A 2025 survey found that 80% of legal professionals reported using AI last year, up from just 22% in 2024. As usage grows, so does the risk of relying on tools that can generate incorrect or unverifiable information—something lawyers cannot afford.
“The consequences of errors are real. Someone’s freedom, reputation or livelihood may be on the line,” said Rawia Ashraf, Head of Product, CoCounsel Legal at Thomson Reuters. “That’s why the AI lawyers use must be held to the same professional standard they are. It can’t cut corners. It has to be grounded in trusted law, show its work, and deliver answers that stand up in court and in practice.”

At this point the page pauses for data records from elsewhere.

Theorem corollary5p3 (F : realFieldType) (a b d : F)
  (ha : 0 < a) (hb : 0 < b) (hd : 0 < d)
  (Gamma : quat F -> Prop)
  (Gamma_norm1 : forall g, Gamma g -> qnorm d a b g = K1 F)
  (Gamma_one : Gamma (qone F))
  (Gamma_opp : forall g, Gamma g -> Gamma (qopp g))
  (Gamma_mul : forall g h, Gamma g -> Gamma h -> Gamma (qmul d a b g h))
  (gamma : quat F) (Hgamma : Gamma gamma) (HgI : inI d a b gamma) :
  let P := mu d a b gamma (qone F) in
  [/\ geod_segment d a b (qone F) P gamma,
      perp_bisector d a b (qone F) P gamma,
      cosh_dist d a b (qone F) gamma = cosh_dist d a b gamma P,
      (forall x, geod_segment d a b (qone F) P x ->
                 perp_bisector d a b (qone F) P x -> x = gamma)
    & (forall x, perp_bisector d a b (qone F) P x ->
                 cosh_dist d a b (qone F) gamma <= cosh_dist d a b (qone F) x)].
Proof.
have [g0 [g1 [g2 [g3 [-> g0_gt0 g_norm1]]]]] := inI_herm HgI.
move=> P; rewrite {}/P; split.
- exact: gamma_on_segment g0_gt0 g_norm1.
- exact: gamma_on_bisector g0_gt0 g_norm1.
- exact: cosh_dist_one_gamma_mu g_norm1.
- by move=> x; apply: segment_bisector_unique.
- by move=> x; apply: gamma_closest_on_bisector.
Qed.
(* Consider the system of three ODEs in the unknowns $(T_0(t),T_2(t),\eta(t))\in\mathbb R^3$: \[ R\dot T_0 = Q\bigl(s_0-\overline{\alpha}_0(\eta)\bigr)-A-BT_0,\qquad R\dot T_2 = Q\bigl(s_2-\overline{\alpha}_2(\eta)\bigr)-(B+6D)T_2,\qquad \dot\eta=\varepsilon\bigl(T_0+T_2\,p_2(\eta)-T_c\bigr), \] with parameter values $Q=343$, $A=202$, $B=1.9$, $\alpha_1=0.32$, $\alpha_2=0.62$, $T_c=-10$, $D=0.35$, any fixed $R>0$, and $\varepsilon>0$. Then, for all sufficiently small $\varepsilon>0$, this system has exactly two equilibrium solutions whose $\eta$-coordinate lies in $[0,1]$, say with $\eta$-coordinates $\eta_1<\eta_2$. The equilibrium with $\eta=\eta_1$ (the larger ice cap) is unstable, and the equilibrium with $\eta=\eta_2$ (the smaller ice cap) is asymptotically stable.
   Context: $p_0(y)=1$ and $p_2(y)=\tfrac12(3y^2-1)$ are the Legendre polynomials of degree 0 and 2. The insolation distribution is $s(y)=s_0p_0(y)+s_2p_2(y)$ with $s_0=1$, $s_2=-0.477$. Set $q_0(y)=s(y)p_0(y)$, $q_2(y)=s(y)p_2(y)$. For $n=0,1$, define the polynomials in $\eta$ \[ \overline{\alpha}_{2n}(\eta)=\alpha_2 s_{2n}-(4n+1)(\alpha_2-\alpha_1)\int_0^\eta q_{2n}(y)\,dy . \] (These arise from the albedo $\alpha(y,\eta)=\alpha_1$ for $y<\eta$, $\alpha_2$ for $y>\eta$, with $\overline{\alpha}_{2n}(\eta)=(4n+1)\int_0^1\alpha(y,\eta)q_{2n}(y)\,dy$.) The variable $\eta$ (the ice line, $y=\sin(\text{latitude})$) is interpreted so that smaller $\eta$ means a larger ice cap. *)

From Stdlib Require Import Reals Lra.
Open Scope R_scope.
(* Let $(b,c)$ be a locally finite connected weighted graph over $X$ such that $\sup_{x,y\in X}d(x,y)<\infty$. Then $X$ is totally bounded with respect to every metric $\sigma$ on $X$ which is intrinsic with respect to some measure $m$ on $X$ with $m(X)<\infty$.
   Context: Let $X$ be a countably infinite set. A weighted graph $(b,c)$ over $X$ consists of a symmetric $b:X\times X\to[0,\infty)$ with $b(x,x)=0$ and $\sum_{y}b(x,y)<\infty$ for all $x$, and $c:X\to[0,\infty)$. It is locally finite if each $x$ has finitely many $y$ with $b(x,y)>0$. A path is a finite sequence $(x_0,\dots,x_n)$ of pairwise distinct vertices with $b(x_{i-1},x_i)>0$; connected means any two distinct vertices are joined by a path. Define $d(x,y)=\inf\{\sum_{i=1}^n 1/b(x_{i-1},x_i):(x_0,\dots,x_n)\text{ a path from }x\text{ to }y\}$, $d(x,x)=0$. A measure on $X$ is $m:X\to[0,\infty)$ with $m(A)=\sum_{x\in A}m(x)$. A metric $\sigma$ on $X$ is intrinsic with respect to $m$ if $\frac12\sum_{y}b(x,y)\sigma(x,y)^2\le m(x)$ for all $x$. *)

From Stdlib Require Import Reals Lra List ClassicalEpsilon.
Import ListNotations.
Open Scope R_scope.

(* X is countably infinite: enumerated bijectively by e : nat -> X. *)
Definition enumeration {X : Type} (e : nat -> X) : Prop :=
  (forall n k, e n = e k -> n = k) /\ (forall x, exists n, e n = x).

Definition sumX {X : Type} (e : nat -> X) (f : X -> R) (l : R) : Prop :=
  infinite_sum (fun n => f (e n)) l.

Definition weighted_graph {X : Type} (e : nat -> X) (b : X -> X -> R) (c : X -> R) : Prop :=
  (forall x y, 0 <= b x y) /\ (forall x y, b x y = b y x) /\ (forall x, b x x = 0) /\
  (forall x, exists l, sumX e (b x) l) /\ (forall x, 0 <= c x).

Definition locally_finite {X : Type} (b : X -> X -> R) : Prop :=
  forall x, exists l : list X, forall y, 0 < b x y -> In y l.

Fixpoint chain {X : Type} (b : X -> X -> R) (p : list X) : Prop :=
  match p with
  | u :: ((v :: _) as t) => 0 < b u v /\ chain b t
  | _ => True
  end.
Definition ESF3 : Prop := forall N, society N -> forall (Phi : S -> E) (e e' e'' : E),
  fequiv (B e) (FAnd (B e') (B e'')) ->
  entails (FAnd (B (nabla N Phi e')) (B e'')) (B (nabla N Phi e)).

Definition ESF4 : Prop := forall N, society N -> forall (Phi : S -> E) (e e' e'' : E),
  fequiv (B e) (FAnd (B e') (B e'')) ->
  consistent (FAnd (B (nabla N Phi e')) (B e'')) ->
  entails (B (nabla N Phi e)) (FAnd (B (nabla N Phi e')) (B e'')).

Definition ES_basic_fusion : Prop := [/\ ESF1, ESF2, ESF3 & ESF4].

Definition ESF_SD : Prop :=
  forall (i : S) (w1 w2 w3 : interp P), w1 != w2 -> w2 != w3 -> w1 != w3 ->
  forall e12 e23 : E,
  models (B e12) = [set w1; w2] -> models (B e23) = [set w2; w3] ->
  [/\ (exists Ei, models (B (nab1 nabla i Ei e12)) = [set w1; w2] /\
                  models (B (nab1 nabla i Ei e23)) = [set w2; w3]),
      (exists Ei, models (B (nab1 nabla i Ei e12)) = [set w1; w2] /\
                  models (B (nab1 nabla i Ei e23)) = [set w2]),
      (exists Ei, models (B (nab1 nabla i Ei e12)) = [set w1] /\
                  models (B (nab1 nabla i Ei e23)) = [set w2; w3]) &
      (exists Ei, models (B (nab1 nabla i Ei e12)) = [set w1] /\
                  models (B (nab1 nabla i Ei e23)) = [set w2])].

Definition ESF_P : Prop :=
  forall N, society N -> forall (Phi : S -> E) (e e' : E),
  consistent (bigAnd [seq B (nab1 nabla i (Phi i) e) | i <- N]) ->
  (forall i, i \in N -> ~ consistent (FAnd (B (nab1 nabla i (Phi i) e)) (B e'))) ->
  ~ consistent (FAnd (B (nabla N Phi e)) (B e')).

Definition ESF_I : Prop :=
  forall N, society N -> forall (Phi Phi' : S -> E) (e : E),
  (forall e' : E, entails (B e') (B e) ->
     forall j, j \in N ->
     fequiv (B (nab1 nabla j (Phi j) e')) (B (nab1 nabla j (Phi' j) e'))) ->
  fequiv (B (nabla N Phi e)) (B (nabla N Phi' e)).
(* Let $G$ be a signature that is not IM-terraced but all of whose pinnings $G_p$ with $\mathrm{dom}(p)\ne\emptyset$ are IM-terraced. Then $G$ is equivalent (by renaming variables) to a signature $F$ on $\{1,\dots,k\}$ such that: (a) the pinning of $F$ by $\{1\mapsto0,2\mapsto1\}$ is identically zero; and (b) there exist a configuration $z\in\{0,1\}^{\{3,\dots,k\}}$ and a non-degenerate signature $T:\{0,1\}^2\to\mathbb R_{\ge0}$ such that for all $x,y_3,\dots,y_k\in\{0,1\}$, $F(x,x,y_3,\dots,y_k)=T(y_3,x)$ if $y=z$ or $y=\overline z$, and $F(x,x,y_3,\dots,y_k)=0$ otherwise, where $y=(y_3,\dots,y_k)$.
   Context: A signature on $V$ is a function $\{0,1\}^V\to\mathbb R_{\ge0}$. A partial configuration $p$ is an element of $\{0,1\}^{\mathrm{dom}(p)}$ with $\mathrm{dom}(p)\subseteq V$; the pinning $F_p$ on $V\setminus\mathrm{dom}(p)$ is $F_p(x)=F(x,p)$; $p^{\{i\}}$ is $p$ with coordinate $i$ flipped. $F$ is IM-terraced if for every partial configuration $p$ and all $i,j\in\mathrm{dom}(p)$ with $p_i\ne p_j$: if $F_p$ is identically zero then $F_{p^{\{i\}}}$ and $F_{p^{\{j\}}}$ are linearly dependent (one is a scalar multiple of the other). An arity-2 signature $T$ is degenerate if $T(a,b)=U(a)U'(b)$ for some functions $U,U'$. $\overline z_i=1-z_i$. *)

From mathcomp Require Import all_boot.
From Stdlib Require Import Reals.
Set Implicit Arguments. Unset Strict Implicit. Unset Printing Implicit Defensive.
Open Scope R_scope.

(* A signature on a finite variable set V is a function {0,1}^V -> R
   (nonnegativity is imposed as an explicit hypothesis where needed). *)

Definition free_var (V : finType) (D : {set V}) : finType := {v : V | v \in ~: D}.

(* A partial configuration with domain D is given by (D, p), where only the
   values of p : {ffun V -> bool} on D are relevant.  merge D p x is the full
   configuration agreeing with p on D and with x off D. *)
Definition merge (V : finType) (D : {set V}) (p : {ffun V -> bool})
  (x : {ffun free_var D -> bool}) : {ffun V -> bool} :=
  [ffun v => match (insub v : option (free_var D)) with
             | Some u => x u
             | None => p v end].

Arguments merge {V} D p x.

Definition pin (V : finType) (F : {ffun V -> bool} -> R) (D : {set V})
  (p : {ffun V -> bool}) : {ffun free_var D -> bool} -> R :=
  fun x => F (@merge V D p x).

Arguments pin {V} F D p x.

Definition flip (V : finType) (p : {ffun V -> bool}) (i : V) : {ffun V -> bool} :=
  [ffun v => if v == i then ~~ p v else p v].

Definition lin_dep (A : Type) (f g : A -> R) : Prop :=
  exists c : R, (forall a, f a = c * g a) \/ (forall a, g a = c * f a).

Definition IM_terraced (V : finType) (F : {ffun V -> bool} -> R) : Prop :=
  forall (D : {set V}) (p : {ffun V -> bool}) (i j : V),
    i \in D -> j \in D -> p i != p j ->
    (forall x, pin F D p x = 0) ->
    lin_dep (pin F D (flip p i)) (pin F D (flip p j)).

Definition degenerate (T : bool -> bool -> R) : Prop :=
  exists U U' : bool -> R, forall a b, T a b = U a * U' b.

(* Positions 1,2,3 (0-based 0,1,2) among k = m+3 variables. *)
Definition pos1 (m : nat) : 'I_m.+3 := inord 0.
Definition pos2 (m : nat) : 'I_m.+3 := inord 1.
Definition pos3 (m : nat) : 'I_m.+3 := inord 2.

(* Let G be non-IM-terraced: some pinning G_p vanishes, p_i != p_j, yet
   a = G_{p^{i}} and b = G_{p^{j}} are not proportional.  Using that every
   pinning of G on a nonempty domain is IM-terraced:
   1. dom p is exactly {i, j}, oriented so that p_i = 0, p_j = 1: pinning a third
      variable of dom p would make a and b proportional [two_variable_violation];
   2. for v outside {i, j}, a and b are proportional on each slice {x | x v = c},
      again by pinning v [slice_minors];
   3. slice-wise proportionality propagates unless (a, b) vanishes outside the
      configurations agreeing off {i, j} with a fixed w0 or with its antipode
      [antipodal_support];
   4. on this support a and b only depend on the value at one more variable v3,
      which defines T; T is non-degenerate since a, b are not proportional
      [normal_form].
   The theorem follows by renaming the variables so that i, j, v3 become the
   positions 1, 2, 3 [enumerate_with_prefix, agree_off_relabel].
   Pinnings are handled throughout as functions of full configurations (upd). *)

From Pilot Require Import Defs.
From mathcomp Require Import all_boot.
From Stdlib Require Import Reals Classical.
Open Scope R_scope.

Definition upd {V : finType} (D : {set V}) (p w : {ffun V -> bool}) : {ffun V -> bool} :=
  [ffun u => if u \in D then p u else w u].

Definition ldep_on {V : finType} (F : {ffun V -> bool} -> R) (D : {set V})
  (p p' : {ffun V -> bool}) : Prop :=
  lin_dep (fun w => F (upd D p w)) (fun w => F (upd D p' w)).

Definition IM_terraced_upd {V : finType} (F : {ffun V -> bool} -> R) : Prop :=
  forall (D : {set V}) (p : {ffun V -> bool}) (i j : V),
    i \in D -> j \in D -> p i != p j ->
    (forall w, F (upd D p w) = 0) -> ldep_on F D (flip p i) (flip p j).

Lemma merge_in {V : finType} (D : {set V}) (p : {ffun V -> bool})
  (x : {ffun free_var D -> bool}) (u : V) : u \in D -> Defs.merge D p x u = p u.
Proof. by move=> uD; rewrite ffunE insubN // inE uD. Qed.

Lemma merge_upd {V : finType} (D : {set V}) (p q : {ffun V -> bool})
  (x : {ffun free_var D -> bool}) : Defs.merge D p x = upd D p (Defs.merge D q x).
Proof.
apply/ffunP => u; rewrite [in RHS]ffunE; case: ifP => uD; first by rewrite merge_in.
by rewrite !ffunE; case: insubP => //; rewrite inE uD.
Qed.

Lemma upd_merge {V : finType} (D : {set V}) (p w : {ffun V -> bool}) :
  upd D p w = Defs.merge D p [ffun u : free_var D => w (val u)].
Proof.
apply/ffunP => u; rewrite [in LHS]ffunE; case: ifP => uD; first by rewrite merge_in.
rewrite !ffunE; case: insubP => [u' _ <-|]; first by rewrite ffunE.
by rewrite inE uD.
Qed.

Lemma IM_terracedP {V : finType} (F : {ffun V -> bool} -> R) :
  IM_terraced F <-> IM_terraced_upd F.
Proof.
split=> IM D p i j iD jD pij Z.
- have Z' x : pin F D p x = 0 by rewrite /pin (merge_upd D p p).
  have [c [Hc|Hc]] := IM D p i j iD jD pij Z'; exists c; [left|right]=> w;
    rewrite !upd_merge; apply: Hc.
- have Z' w : F (upd D p w) = 0 by rewrite upd_merge; apply: Z.
  have [c [Hc|Hc]] := IM D p i j iD jD pij Z'; exists c; [left|right]=> x;
    by have := Hc (Defs.merge D (flip p i) x); rewrite -!merge_upd.
Qed.

Definition proportional {X : Type} (a b : X -> R) (x y : X) : Prop :=
  a x * b y = a y * b x.

Lemma lin_dep_of_minors {X : Type} (a b : X -> R) :
  (forall x y, proportional a b x y) -> lin_dep a b.
Proof.
move=> minors; have [[x0 bx0]|b0] := classic (exists x0, b x0 <> 0).
- exists (a x0 / b x0); left=> x; apply: (Rmult_eq_reg_r (b x0)) => //.
  have e := minors x x0; field_simplify => //; rewrite -e; field.
- exists 0; right=> x; have [->|bx] := Req_dec (b x) 0; first by ring.
  by case: b0; exists x.
Qed.

Lemma proportional_trans {X : Type} {a b : X -> R} {x y z : X} : a x <> 0 \/ b x <> 0 ->
  proportional a b x y -> proportional a b x z -> proportional a b y z.
Proof.
rewrite /proportional => -[h|h] e1 e2.
- apply: (Rmult_eq_reg_l (a x)) => //.
  transitivity (a y * (a x * b z)); first ring; rewrite e2.
  transitivity (a z * (a x * b y)); last ring; rewrite e1; ring.
- apply: (Rmult_eq_reg_l (b x)) => //.
  transitivity (b z * (a y * b x)); first ring; rewrite -e1.
  transitivity (b y * (a z * b x)); last ring; rewrite -e2; ring.
Qed.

The shift is pushing legal technology providers to emphasize trust, transparency, and verifiable outputs as core requirements. Companies like Thomson Reuters are positioning their platforms around what they describe as “fiduciary-grade AI,” designed to protect customer data while delivering research and analysis that can withstand professional scrutiny.
Canadian legal teams, like Hull & Hull LLP, are already beginning to apply these tools in practice. Features such as Deep Research on Westlaw Advantage allow lawyers to submit plain-language queries and receive fully sourced research summaries in minutes, reducing the time required for traditional legal research.
Thomson Reuters is also bringing its CoCounsel Legal platform to Canada, an agentic AI system designed to complete complex legal workflows from a single query by planning and executing multiple steps using authoritative legal content. Globally, the company says more than one million professionals are already using CoCounsel across 107 countries and territories.
Even as capabilities expand, the role of human oversight remains central.
“This isn’t a replacement for legal work or human judgment,” said Ashraf. “Legal professionals are in the driver’s seat. It’s very important for humans to be in the loop in this work.”
As AI becomes more embedded in legal workflows, the defining question is shifting from whether firms will adopt these tools to how much they can trust them.